### Provided information

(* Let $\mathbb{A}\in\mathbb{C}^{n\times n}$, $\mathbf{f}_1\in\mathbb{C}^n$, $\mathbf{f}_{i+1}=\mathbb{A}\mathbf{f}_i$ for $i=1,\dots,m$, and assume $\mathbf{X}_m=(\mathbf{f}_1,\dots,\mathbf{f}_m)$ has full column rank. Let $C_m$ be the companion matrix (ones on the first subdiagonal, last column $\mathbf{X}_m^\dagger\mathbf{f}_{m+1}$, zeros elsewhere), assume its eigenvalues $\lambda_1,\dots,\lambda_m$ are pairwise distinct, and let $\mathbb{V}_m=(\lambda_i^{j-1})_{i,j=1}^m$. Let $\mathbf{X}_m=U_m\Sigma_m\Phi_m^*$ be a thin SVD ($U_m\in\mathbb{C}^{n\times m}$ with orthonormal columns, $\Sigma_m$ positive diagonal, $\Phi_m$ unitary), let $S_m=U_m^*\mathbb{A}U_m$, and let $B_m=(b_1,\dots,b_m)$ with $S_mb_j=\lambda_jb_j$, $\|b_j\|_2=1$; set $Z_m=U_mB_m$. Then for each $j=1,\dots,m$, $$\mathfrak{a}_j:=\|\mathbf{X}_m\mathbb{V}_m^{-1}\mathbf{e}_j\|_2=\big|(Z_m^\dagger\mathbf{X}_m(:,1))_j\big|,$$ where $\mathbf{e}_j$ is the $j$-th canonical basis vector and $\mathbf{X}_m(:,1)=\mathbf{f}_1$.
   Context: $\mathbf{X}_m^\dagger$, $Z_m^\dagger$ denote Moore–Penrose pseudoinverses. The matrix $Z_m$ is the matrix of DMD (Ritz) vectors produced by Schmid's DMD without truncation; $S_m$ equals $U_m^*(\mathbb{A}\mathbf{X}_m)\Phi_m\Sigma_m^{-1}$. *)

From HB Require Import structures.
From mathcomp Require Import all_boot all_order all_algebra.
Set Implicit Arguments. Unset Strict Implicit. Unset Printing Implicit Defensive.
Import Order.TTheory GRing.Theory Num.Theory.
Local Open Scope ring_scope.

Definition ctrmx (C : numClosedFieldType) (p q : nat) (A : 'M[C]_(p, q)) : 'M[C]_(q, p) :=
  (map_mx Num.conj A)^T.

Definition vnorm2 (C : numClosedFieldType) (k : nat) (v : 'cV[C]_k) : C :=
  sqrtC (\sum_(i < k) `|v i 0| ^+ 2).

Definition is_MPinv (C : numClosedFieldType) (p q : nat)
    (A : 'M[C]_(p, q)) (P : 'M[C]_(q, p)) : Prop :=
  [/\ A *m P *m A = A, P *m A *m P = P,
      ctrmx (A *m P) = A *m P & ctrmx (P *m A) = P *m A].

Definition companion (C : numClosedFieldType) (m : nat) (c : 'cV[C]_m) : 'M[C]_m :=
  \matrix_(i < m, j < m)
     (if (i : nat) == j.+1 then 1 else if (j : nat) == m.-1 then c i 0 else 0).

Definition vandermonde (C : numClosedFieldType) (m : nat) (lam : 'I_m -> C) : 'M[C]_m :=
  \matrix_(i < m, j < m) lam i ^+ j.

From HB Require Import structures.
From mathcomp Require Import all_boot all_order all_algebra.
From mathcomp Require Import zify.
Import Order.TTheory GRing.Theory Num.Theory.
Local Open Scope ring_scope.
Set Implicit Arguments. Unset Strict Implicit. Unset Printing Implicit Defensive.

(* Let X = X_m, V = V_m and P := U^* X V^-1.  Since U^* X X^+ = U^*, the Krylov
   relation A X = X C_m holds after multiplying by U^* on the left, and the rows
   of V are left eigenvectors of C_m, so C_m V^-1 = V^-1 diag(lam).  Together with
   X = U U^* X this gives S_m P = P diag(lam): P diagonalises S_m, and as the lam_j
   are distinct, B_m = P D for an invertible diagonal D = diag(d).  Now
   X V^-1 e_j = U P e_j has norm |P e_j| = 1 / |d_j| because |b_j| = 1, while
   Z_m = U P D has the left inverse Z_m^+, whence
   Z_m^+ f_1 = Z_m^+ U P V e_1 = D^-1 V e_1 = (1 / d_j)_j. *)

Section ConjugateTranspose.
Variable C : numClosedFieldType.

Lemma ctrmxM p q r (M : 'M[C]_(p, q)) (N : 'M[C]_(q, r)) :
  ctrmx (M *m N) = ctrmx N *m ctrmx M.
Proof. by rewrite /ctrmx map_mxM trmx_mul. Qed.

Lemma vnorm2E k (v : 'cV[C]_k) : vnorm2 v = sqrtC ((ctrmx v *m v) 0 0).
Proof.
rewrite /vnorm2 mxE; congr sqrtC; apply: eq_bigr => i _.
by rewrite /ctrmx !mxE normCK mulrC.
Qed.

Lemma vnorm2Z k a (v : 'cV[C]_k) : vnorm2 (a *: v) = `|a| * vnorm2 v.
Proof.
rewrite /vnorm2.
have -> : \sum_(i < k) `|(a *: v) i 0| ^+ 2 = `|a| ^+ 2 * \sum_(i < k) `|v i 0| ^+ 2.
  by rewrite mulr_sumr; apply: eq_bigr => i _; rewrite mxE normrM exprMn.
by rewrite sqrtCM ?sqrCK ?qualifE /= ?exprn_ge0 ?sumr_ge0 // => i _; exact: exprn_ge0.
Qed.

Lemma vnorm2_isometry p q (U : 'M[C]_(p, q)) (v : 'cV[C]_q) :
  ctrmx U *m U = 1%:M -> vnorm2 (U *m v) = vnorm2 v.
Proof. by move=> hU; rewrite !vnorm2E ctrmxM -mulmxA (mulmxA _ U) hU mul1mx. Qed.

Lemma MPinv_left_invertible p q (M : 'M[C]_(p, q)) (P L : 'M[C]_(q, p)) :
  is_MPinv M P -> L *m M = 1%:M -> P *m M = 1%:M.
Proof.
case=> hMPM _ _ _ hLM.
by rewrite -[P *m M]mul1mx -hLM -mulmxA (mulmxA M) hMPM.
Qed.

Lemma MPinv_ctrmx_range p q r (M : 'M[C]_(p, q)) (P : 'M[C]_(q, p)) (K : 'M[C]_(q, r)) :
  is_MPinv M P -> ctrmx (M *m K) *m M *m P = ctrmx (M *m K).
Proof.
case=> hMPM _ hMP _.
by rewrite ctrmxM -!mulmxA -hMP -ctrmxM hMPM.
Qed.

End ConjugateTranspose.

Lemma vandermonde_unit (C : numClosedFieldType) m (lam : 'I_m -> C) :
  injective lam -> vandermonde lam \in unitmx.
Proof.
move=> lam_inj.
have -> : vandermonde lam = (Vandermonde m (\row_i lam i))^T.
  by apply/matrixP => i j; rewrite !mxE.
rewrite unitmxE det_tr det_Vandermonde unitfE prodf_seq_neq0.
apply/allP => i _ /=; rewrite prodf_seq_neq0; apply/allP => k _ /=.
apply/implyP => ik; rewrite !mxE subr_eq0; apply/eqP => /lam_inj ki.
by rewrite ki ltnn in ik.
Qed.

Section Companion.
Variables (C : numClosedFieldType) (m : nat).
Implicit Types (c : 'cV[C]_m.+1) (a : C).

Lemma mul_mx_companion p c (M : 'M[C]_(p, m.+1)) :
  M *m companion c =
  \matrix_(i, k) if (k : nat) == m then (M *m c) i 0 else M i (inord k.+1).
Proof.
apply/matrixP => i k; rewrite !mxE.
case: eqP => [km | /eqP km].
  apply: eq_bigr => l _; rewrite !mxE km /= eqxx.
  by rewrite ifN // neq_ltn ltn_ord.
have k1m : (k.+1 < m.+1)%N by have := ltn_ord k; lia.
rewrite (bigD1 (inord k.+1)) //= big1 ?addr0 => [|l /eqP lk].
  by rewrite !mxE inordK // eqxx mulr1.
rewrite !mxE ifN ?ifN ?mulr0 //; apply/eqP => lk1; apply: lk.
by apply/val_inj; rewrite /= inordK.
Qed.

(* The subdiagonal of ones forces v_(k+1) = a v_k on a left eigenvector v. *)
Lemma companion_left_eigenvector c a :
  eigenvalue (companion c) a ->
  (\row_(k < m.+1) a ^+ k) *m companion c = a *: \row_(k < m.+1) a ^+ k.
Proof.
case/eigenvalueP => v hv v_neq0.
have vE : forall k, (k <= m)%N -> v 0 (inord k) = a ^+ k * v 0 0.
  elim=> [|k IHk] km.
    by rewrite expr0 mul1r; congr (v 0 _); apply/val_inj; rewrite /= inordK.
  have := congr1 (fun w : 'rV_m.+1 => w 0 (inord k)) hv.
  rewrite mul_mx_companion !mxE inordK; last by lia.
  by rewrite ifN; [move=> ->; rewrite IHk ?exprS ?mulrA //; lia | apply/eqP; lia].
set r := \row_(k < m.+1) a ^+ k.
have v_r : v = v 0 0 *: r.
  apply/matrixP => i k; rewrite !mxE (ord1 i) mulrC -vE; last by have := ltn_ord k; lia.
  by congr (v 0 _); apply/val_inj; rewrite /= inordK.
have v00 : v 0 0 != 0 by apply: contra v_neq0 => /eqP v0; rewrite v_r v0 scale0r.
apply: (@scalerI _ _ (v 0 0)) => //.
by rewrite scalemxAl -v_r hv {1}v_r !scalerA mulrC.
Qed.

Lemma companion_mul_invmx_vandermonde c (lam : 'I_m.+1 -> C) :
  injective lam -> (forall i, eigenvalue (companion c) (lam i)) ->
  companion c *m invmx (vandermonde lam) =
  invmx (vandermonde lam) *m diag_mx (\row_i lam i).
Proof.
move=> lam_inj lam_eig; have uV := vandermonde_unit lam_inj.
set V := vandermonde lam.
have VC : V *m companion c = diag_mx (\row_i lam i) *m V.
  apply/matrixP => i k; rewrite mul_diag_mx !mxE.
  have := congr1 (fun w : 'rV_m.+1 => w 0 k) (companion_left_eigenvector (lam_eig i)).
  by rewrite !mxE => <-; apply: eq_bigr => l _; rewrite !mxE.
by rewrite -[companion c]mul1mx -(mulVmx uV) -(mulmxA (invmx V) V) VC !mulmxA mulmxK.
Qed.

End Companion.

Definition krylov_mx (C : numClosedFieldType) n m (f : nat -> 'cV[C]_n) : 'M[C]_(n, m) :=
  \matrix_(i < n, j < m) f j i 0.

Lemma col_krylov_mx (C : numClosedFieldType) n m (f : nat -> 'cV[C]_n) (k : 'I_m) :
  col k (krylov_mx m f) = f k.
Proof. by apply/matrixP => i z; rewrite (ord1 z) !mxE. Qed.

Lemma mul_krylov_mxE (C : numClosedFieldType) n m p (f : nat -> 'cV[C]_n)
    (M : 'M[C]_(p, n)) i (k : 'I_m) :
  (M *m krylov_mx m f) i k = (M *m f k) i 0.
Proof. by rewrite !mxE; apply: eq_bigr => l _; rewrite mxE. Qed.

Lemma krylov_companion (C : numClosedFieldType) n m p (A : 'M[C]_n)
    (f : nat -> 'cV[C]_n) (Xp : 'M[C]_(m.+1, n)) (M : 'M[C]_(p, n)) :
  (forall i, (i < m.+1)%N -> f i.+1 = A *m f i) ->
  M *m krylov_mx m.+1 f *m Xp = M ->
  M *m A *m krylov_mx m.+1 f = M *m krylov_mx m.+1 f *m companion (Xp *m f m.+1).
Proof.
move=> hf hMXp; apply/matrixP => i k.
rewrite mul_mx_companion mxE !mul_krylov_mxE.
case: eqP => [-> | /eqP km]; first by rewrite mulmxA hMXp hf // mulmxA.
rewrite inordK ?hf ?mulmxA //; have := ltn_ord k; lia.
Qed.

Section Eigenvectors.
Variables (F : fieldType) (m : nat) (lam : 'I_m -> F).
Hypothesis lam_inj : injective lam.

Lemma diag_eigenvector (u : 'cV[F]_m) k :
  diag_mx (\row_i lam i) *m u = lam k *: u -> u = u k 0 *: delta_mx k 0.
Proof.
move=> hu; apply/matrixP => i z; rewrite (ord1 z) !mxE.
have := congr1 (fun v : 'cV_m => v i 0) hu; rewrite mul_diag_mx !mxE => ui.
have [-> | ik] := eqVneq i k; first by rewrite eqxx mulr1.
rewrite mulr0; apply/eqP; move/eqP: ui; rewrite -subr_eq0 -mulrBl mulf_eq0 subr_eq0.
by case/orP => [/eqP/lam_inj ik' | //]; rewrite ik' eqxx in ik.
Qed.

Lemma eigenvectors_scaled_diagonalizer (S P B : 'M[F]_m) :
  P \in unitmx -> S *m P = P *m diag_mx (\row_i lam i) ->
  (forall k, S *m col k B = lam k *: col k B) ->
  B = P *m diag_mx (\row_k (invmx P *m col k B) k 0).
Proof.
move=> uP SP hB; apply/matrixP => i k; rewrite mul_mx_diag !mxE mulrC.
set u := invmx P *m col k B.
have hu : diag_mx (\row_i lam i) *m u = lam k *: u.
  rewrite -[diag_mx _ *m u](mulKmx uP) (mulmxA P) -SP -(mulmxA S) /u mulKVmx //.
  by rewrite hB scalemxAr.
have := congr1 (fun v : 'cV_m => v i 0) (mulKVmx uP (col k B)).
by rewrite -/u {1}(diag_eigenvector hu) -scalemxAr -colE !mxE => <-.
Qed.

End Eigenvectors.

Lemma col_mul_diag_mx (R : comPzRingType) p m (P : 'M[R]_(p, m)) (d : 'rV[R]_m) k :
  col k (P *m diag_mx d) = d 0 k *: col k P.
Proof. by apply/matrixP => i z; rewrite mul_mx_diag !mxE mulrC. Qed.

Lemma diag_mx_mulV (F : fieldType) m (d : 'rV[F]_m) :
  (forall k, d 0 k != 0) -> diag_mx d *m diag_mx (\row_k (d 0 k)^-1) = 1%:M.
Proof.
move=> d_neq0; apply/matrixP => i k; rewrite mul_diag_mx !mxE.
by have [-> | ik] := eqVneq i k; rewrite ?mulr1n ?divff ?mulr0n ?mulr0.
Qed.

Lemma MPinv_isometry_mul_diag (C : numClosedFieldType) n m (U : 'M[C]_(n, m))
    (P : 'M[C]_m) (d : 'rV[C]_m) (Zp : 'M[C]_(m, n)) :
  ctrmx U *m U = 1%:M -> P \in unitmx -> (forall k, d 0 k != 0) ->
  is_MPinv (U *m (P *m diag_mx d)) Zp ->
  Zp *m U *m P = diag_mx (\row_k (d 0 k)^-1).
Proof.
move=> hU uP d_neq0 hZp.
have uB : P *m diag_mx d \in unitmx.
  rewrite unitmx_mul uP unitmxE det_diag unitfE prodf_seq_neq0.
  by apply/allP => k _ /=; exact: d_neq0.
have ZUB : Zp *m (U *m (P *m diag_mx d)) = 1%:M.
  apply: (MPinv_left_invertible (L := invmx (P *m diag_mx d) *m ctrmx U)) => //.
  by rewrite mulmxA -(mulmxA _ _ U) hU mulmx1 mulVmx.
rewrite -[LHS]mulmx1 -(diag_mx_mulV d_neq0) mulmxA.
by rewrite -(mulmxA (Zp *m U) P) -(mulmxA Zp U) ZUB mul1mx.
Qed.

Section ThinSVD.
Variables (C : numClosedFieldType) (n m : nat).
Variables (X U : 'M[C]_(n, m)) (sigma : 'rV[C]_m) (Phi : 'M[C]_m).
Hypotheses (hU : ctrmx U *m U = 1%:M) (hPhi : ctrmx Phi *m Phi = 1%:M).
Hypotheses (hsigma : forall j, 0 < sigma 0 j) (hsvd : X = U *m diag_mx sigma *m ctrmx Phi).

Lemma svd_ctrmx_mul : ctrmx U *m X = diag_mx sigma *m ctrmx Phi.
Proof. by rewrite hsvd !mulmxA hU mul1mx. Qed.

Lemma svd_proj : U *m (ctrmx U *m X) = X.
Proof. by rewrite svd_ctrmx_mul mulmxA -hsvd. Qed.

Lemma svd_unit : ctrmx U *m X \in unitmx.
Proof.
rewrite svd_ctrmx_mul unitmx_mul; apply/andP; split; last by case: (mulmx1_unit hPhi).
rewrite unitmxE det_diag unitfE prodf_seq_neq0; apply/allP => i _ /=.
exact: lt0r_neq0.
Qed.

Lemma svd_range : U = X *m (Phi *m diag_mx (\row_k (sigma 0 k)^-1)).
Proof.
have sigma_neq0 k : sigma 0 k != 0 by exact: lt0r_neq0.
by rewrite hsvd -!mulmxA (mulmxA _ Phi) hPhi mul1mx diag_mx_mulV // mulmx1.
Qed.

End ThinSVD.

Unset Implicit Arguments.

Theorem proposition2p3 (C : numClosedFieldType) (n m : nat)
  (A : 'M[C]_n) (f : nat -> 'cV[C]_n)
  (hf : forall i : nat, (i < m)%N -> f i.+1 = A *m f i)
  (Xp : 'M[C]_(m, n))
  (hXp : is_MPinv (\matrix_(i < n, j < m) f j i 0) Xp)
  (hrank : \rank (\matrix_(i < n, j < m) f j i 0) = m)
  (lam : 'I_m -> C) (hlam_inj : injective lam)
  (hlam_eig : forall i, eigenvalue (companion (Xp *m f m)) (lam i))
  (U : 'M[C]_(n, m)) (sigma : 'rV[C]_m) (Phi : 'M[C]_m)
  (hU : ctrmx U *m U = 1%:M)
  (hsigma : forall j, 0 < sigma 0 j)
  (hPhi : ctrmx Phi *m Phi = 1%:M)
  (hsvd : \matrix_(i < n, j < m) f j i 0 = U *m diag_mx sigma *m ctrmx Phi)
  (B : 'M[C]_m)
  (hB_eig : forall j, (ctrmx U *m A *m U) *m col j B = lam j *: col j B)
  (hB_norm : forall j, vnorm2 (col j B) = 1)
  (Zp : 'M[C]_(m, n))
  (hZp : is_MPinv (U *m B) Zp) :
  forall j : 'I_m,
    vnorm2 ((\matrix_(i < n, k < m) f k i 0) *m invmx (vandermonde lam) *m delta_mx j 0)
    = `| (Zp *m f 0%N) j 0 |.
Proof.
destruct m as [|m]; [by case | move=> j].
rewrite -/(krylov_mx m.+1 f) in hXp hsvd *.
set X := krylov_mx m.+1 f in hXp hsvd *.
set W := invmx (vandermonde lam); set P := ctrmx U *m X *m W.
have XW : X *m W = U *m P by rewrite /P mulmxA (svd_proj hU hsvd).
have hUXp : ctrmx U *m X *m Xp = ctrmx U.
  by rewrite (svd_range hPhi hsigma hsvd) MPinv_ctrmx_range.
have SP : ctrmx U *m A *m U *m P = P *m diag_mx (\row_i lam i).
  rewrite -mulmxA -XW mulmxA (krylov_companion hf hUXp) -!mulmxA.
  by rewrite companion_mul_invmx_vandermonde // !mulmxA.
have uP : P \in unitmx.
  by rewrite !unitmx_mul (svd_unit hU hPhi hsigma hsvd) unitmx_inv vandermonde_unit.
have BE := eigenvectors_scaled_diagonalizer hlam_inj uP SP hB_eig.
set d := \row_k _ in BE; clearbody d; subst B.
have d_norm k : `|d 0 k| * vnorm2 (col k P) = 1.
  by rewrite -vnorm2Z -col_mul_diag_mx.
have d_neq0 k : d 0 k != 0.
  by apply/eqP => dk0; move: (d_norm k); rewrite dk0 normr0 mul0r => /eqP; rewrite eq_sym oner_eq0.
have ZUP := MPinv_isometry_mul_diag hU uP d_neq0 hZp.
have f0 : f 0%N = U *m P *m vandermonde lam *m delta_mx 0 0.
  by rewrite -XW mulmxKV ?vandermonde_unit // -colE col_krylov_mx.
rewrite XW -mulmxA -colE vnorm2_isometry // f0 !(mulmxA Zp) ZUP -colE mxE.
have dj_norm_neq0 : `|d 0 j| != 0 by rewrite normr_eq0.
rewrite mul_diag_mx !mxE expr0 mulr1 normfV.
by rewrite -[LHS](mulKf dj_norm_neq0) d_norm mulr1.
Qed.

######

* **Exercise requirements**
Your answer should consist solely of the lines above from the line with "move=> d_neq0; apply/matrixP" to the line with "ctrmx U *m U = 1%:M -> P", both included, reproduced exactly.

* **Response to the exercise**
move=> d_neq0; apply/matrixP => i k; rewrite mul_diag_mx !mxE.
by have [-> | ik] := eqVneq i k; rewrite ?mulr1n ?divff ?mulr0n ?mulr0.
Qed.

Lemma MPinv_isometry_mul_diag (C : numClosedFieldType) n m (U : 'M[C]_(n, m))
    (P : 'M[C]_m) (d : 'rV[C]_m) (Zp : 'M[C]_(m, n)) :
  ctrmx U *m U = 1%:M -> P \in unitmx -> (forall k, d 0 k != 0) ->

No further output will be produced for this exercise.